This study aims to assess primary efficacy outcomes focusing on short-term survival indicators, specifically the objective response rate (ORR) and disease control rate (DCR). Secondary efficacy outcomes will encompass long-term survival, performance status (measured by KPS score or the rate of KPS improvement), immune indicators, and the incidence of adverse reactions (such as leukopenia, liver, and kidney function, and gastrointestinal reactions).

The assessment of ORR and DCR aligns with response evaluations in anti-cancer treatment, conducted according to the criteria outlined by the World Health Organization (WHO) and Response Evaluation Criteria in Solid Tumors (RECIST). Tumor disease changes, including complete remission (CR), partial remission (PR), stable disease (SD), and progressive disease (PD), will be utilized for evaluation. ORR is defined as CR + PR, while DCR is defined as CR + PR + SD.

2.2. Search strategy

Relevant RCTs will be systematically searched across multiple databases, including PubMed, Web of Science, Cochrane Library, EMBASE, China National Knowledge Infrastructure (CNKI), Chinese Scientific Journal Database (VIP database), Wanfang, and Chinese Biomedicine Database (CBM), from inception to November 2022. The search will be updated before manuscript submission. Only studies published in Chinese and English will be included. The Chinese Clinical Trial Registry (ChiCTR, https://www.chictr.org.cn/) and ClinicalTrials.gov (https://clinicaltrials.gov/) will also be searched for ongoing and completed trials.

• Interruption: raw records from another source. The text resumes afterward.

Lemma greg_convolution_rev n :
  fsum (fun m => greg (n - m) / INR (m + 1)) (S n) = if Nat.eqb n 0 then 1 else 0.
Proof.
  rewrite <- greg_convolution, (fsum_rev (fun j => greg j / INR (n - j + 1))).
  apply fsum_ext. intros m Hm.
  replace (S n - 1 - m)%nat with (n - m)%nat by lia.
  replace (n - (n - m) + 1)%nat with (m + 1)%nat by lia. reflexivity.
Qed.

Lemma delta_shift k n : delta (k + n) k = if Nat.eqb n 0 then 1 else 0.
Proof.
  unfold delta. destruct n.
  - now rewrite Nat.add_0_r, Nat.eqb_refl.
  - replace (Nat.eqb (k + S n) k) with false by (symmetry; apply Nat.eqb_neq; lia). reflexivity.
Qed.

Lemma lt_mul_Tmat X i k : (k <= i)%nat ->
  lt_mul X Tmat i k = fsum (fun m => X i (k + m)%nat / INR (m + 1)) (S (i - k)).
Proof.
  intros Hk. unfold lt_mul. rewrite (sum_f_R0_from k i); auto.
  - apply fsum_ext. intros m _. unfold Tmat.
    replace (k <=? k + m)%nat with true by (symmetry; apply Nat.leb_le; lia).
    replace (k + m - k + 1)%nat with (m + 1)%nat by lia. reflexivity.
  - intros j Hj. unfold Tmat. replace (k <=? j)%nat with false by (symmetry; apply Nat.leb_gt; lia). ring.
Qed.

Lemma left_inverse_entries X :
  (forall i k, lt_mul X Tmat i k = delta i k) -> forall n k, X (k + n)%nat k = greg n.
Proof.
  intros HX n. induction n as [n IH] using lt_wf_ind. intros k.
  pose proof (HX (k + n)%nat k) as H.
  rewrite lt_mul_Tmat, delta_shift, <- greg_convolution_rev, !fsum_first in H by lia.
  replace (k + n - k)%nat with n in H by lia.
  rewrite (fsum_ext (fun i => X (k + n)%nat (k + S i)%nat / INR (S i + 1))
                    (fun i => greg (n - S i) / INR (S i + 1))) in H.
  2:{ intros i Hi. replace (k + n)%nat with ((k + S i) + (n - S i))%nat by lia.
      rewrite IH by lia. reflexivity. }
  rewrite Nat.add_0_r, Nat.sub_0_r in H. simpl (INR (0 + 1)) in H. lra.
Qed.

Definition Tinv (i k : nat) : R := if (k <=? i)%nat then greg (i - k) else 0.

Lemma Tinv_lower_tri : lower_tri Tinv.
Proof.
  intros i j Hij. unfold Tinv. now replace (j <=? i)%nat with false by (symmetry; apply Nat.leb_gt; lia).
Qed.

Lemma lt_mul_above X Y i k : lower_tri Y -> (i < k)%nat -> lt_mul X Y i k = 0.
Proof.
  intros HY Hik. unfold lt_mul. rewrite sum_f_R0_fsum. apply fsum_zero.
  intros j Hj. rewrite HY by lia. ring.
Qed.

Lemma Tmat_lower_tri : lower_tri Tmat.
Proof.
  intros i j Hij. unfold Tmat. now replace (j <=? i)%nat with false by (symmetry; apply Nat.leb_gt; lia).
Qed.

Lemma delta_above i k : (i < k)%nat -> delta i k = 0.
Proof. intros H. unfold delta. now replace (Nat.eqb i k) with false by (symmetry; apply Nat.eqb_neq; lia). Qed.

Lemma Tinv_left i k : lt_mul Tinv Tmat i k = delta i k.
Proof.
  destruct (le_lt_dec k i) as [Hk|Hk];
    [|rewrite lt_mul_above, delta_above by (auto using Tmat_lower_tri); reflexivity].
  replace (delta i k) with (delta (k + (i - k)) k) by (f_equal; lia).
  rewrite lt_mul_Tmat, delta_shift, <- greg_convolution_rev by lia.
  apply fsum_ext. intros m Hm. unfold Tinv.
  replace (k + m <=? i)%nat with true by (symmetry; apply Nat.leb_le; lia).
  now replace (i - (k + m))%nat with (i - k - m)%nat by lia.
Qed.

Lemma Tinv_right i k : lt_mul Tmat Tinv i k = delta i k.
Proof.
  destruct (le_lt_dec k i) as [Hk|Hk];
    [|rewrite lt_mul_above, delta_above by (auto using Tinv_lower_tri); reflexivity].
  unfold lt_mul. rewrite (sum_f_R0_from k i _ Hk).
  2:{ intros j Hj. rewrite Tinv_lower_tri by exact Hj. ring. }
  replace (delta i k) with (delta (k + (i - k)) k) by (f_equal; lia).
  rewrite delta_shift, <- greg_convolution.
  apply fsum_ext. intros m Hm. unfold Tinv, Tmat.
  replace (k <=? k + m)%nat with true by (symmetry; apply Nat.leb_le; lia).
  replace (k + m <=? i)%nat with true by (symmetry; apply Nat.leb_le; lia).
  replace (k + m - k)%nat with m by lia.
  replace (i - (k + m) + 1)%nat with (i - k - m + 1)%nat by lia.
  unfold Rdiv. ring.
Qed.

Lemma wvec_greg X : (forall i k, lt_mul X Tmat i k = delta i k) ->
  forall n, wvec X n = - greg (S n).
Proof.
  intros HX n. pose proof (greg_convolution_rev (S n)) as H.
  rewrite fsum_first in H. unfold wvec. rewrite sum_f_R0_fsum.
  rewrite (fsum_ext (fun j => X n j / INR (j + 2)) (fun m => greg (S n - S m) / INR (S m + 1))).
  - rewrite Nat.sub_0_r in H. simpl (INR (0 + 1)) in H. simpl (S n =? 0)%nat in H. lra.
  - intros j Hj. replace n with (j + (n - j))%nat at 1 by lia. rewrite (left_inverse_entries X HX).
    replace (S n - S j)%nat with (n - j)%nat by lia. now replace (S j + 1)%nat with (j + 2)%nat by lia.
Qed.

Definition greg_series (N : nat) : R := fsum (fun n => - greg (S n) / INR (S n)) N.

Lemma partial_series_greg X N : (forall i k, lt_mul X Tmat i k = delta i k) ->
  partial_series X N = greg_series (S N).
Proof.
  intros HX. unfold partial_series, greg_series. rewrite sum_f_R0_fsum.
  apply fsum_ext. intros n _. rewrite (wvec_greg X HX). now replace (n + 1)%nat with (S n) by lia.
Qed.

(** Pointwise comparison of the Newton and digamma series on [0,1] *)

Fixpoint qprod (n : nat) (t : R) : R :=
  match n with O => 1 | S m => qprod m t * (1 - t / INR (S m)) end.

Definition bterm (n : nat) (t : R) : R := t * qprod n t / INR (S n).

Lemma binc_S_bterm n t : binc (S n) t = - bterm n t.
Proof.
  unfold bterm. induction n as [|n IH]; cbn [binc qprod] in *.
  - simpl. field.
  - rewrite IH, (S_INR (S n)), (S_INR n). pose proof (pos_INR n).
    field. split; apply Rgt_not_eq; lra.
Qed.

Lemma qprod_bounds n t : 0 <= t <= 1 -> 0 <= qprod n t <= 1.
Proof.
  intros Ht. induction n as [|n IH]; cbn [qprod]; [lra|].
  pose proof (INR_S_ge1 n).
  assert (0 <= t / INR (S n) <= 1).
  { split; [apply Rdiv_le_0_compat; lra|]. apply div_le_one; lra. }
  split; [apply Rmult_le_pos; lra|].
  apply Rle_trans with (qprod n t * 1); [apply Rmult_le_compat_l|]; lra.
Qed.

Lemma bterm_nonneg n t : 0 <= t <= 1 -> 0 <= bterm n t.
Proof.
  intros Ht. unfold bterm. pose proof (qprod_bounds n t Ht). pose proof (INR_S_pos n).
  apply Rdiv_le_0_compat; [apply Rmult_le_pos|]; lra.
Qed.

(* The b_n telescope: b_n = q_n - q_{n+1}. *)
Lemma fsum_bterm n t : fsum (fun i => bterm i t) n = 1 - qprod n t.
Proof.
  induction n as [|n IH]; cbn [fsum qprod]; [lra|].
  rewrite IH. unfold bterm. field. apply INR_neq0; lia.
Qed.

(* [rbinom N K = prod_{m=1}^N m/(m+K) = 1 / binom(N+K, N)]. *)
Fixpoint rbinom (N K : nat) : R :=
  match N with O => 1 | S M => rbinom M K * INR (S M) / (INR (S M) + INR K) end.

Lemma rbinom_0 N : rbinom N 0 = 1.
Proof.
  induction N as [|N IH]; cbn [rbinom]; [reflexivity|].
  rewrite IH. simpl (INR 0). rewrite Rplus_0_r. field. apply INR_neq0; lia.
Qed.

Lemma rbinom_shift N K : (INR N + INR K + 1) * rbinom N (S K) = (INR K + 1) * rbinom N K.
Proof.
  induction N as [|N IH]; [simpl; ring|].
  cbn [rbinom]. rewrite !S_INR in *.
  pose proof (pos_INR N). pose proof (pos_INR K).
  apply (Rmult_eq_reg_l (INR N + 1 + INR K)); [|lra].
  transitivity ((INR N + 1) * ((INR N + INR K + 1) * rbinom N (S K))); [field; lra|].
  rewrite IH. field. lra.
Qed.

(* The factors of [rbinom] lie in [0,1], so it decreases in N from 1. *)
Lemma rbinom_step_bounds N K : 0 <= INR (S N) / (INR (S N) + INR K) <= 1.
Proof.
  pose proof (INR_S_pos N). pose proof (pos_INR K).
  split; [apply Rdiv_le_0_compat; lra | apply div_le_one; lra].
Qed.

Lemma rbinom_bounds N K : 0 <= rbinom N K <= 1.
Proof.
  induction N as [|N IH]; cbn [rbinom]; [lra|].
  pose proof (rbinom_step_bounds N K). unfold Rdiv in *. rewrite Rmult_assoc.
  split; [apply Rmult_le_pos; lra|].
  apply Rle_trans with (rbinom N K * 1); [apply Rmult_le_compat_l|]; lra.
Qed.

The search strategy will utilize a combination of controlled vocabulary (Medical Subject Headings and Emtree terms) and free-text terms. Terms such as “Colorectal Neoplasms,” “Colonic Neoplasms,” “Rectal Neoplasms,” “Advanced,” “Recurrence,” “Metastasis,” “Stage III,” “Stage IV,” “compound kushen Injection,” and “randomized controlled trial” will be used to inform the PubMed search strategy (Supplementary Material 2). Adaptations to this strategy will be made for other databases. Retrieved studies, references in reviews, clinical studies, and additional Chinese language journals will be potential sources, reviewed manually by one author (JW).

2.3. Study selection

Screening and selection were summarized using a PRISMA flow diagram in Fig. 1. The search results will be imported into EndNote 20. Two review authors (JW and XM) will independently access the titles and summaries of the database search results after removing duplicates. The full text will then be reviewed and assessed according to the eligibility criteria. RCTs that meet the eligibility criteria will be included. Any disagreements will be resolved through discussion or interposition with another review member (XW).

2.4. Data extraction

Microsoft Excel will be employed for data extraction. The included trials yield the following data: (1) identification information (publication year and first author); (2) general information (randomization process and sample size); (3) participant details (clinical stage, average age, and sex); (4) intervention specifics (dosage and duration of CKI); (5) comparison details (chemotherapy regimen, dose, frequency, and treatment duration); and (6) outcome particulars.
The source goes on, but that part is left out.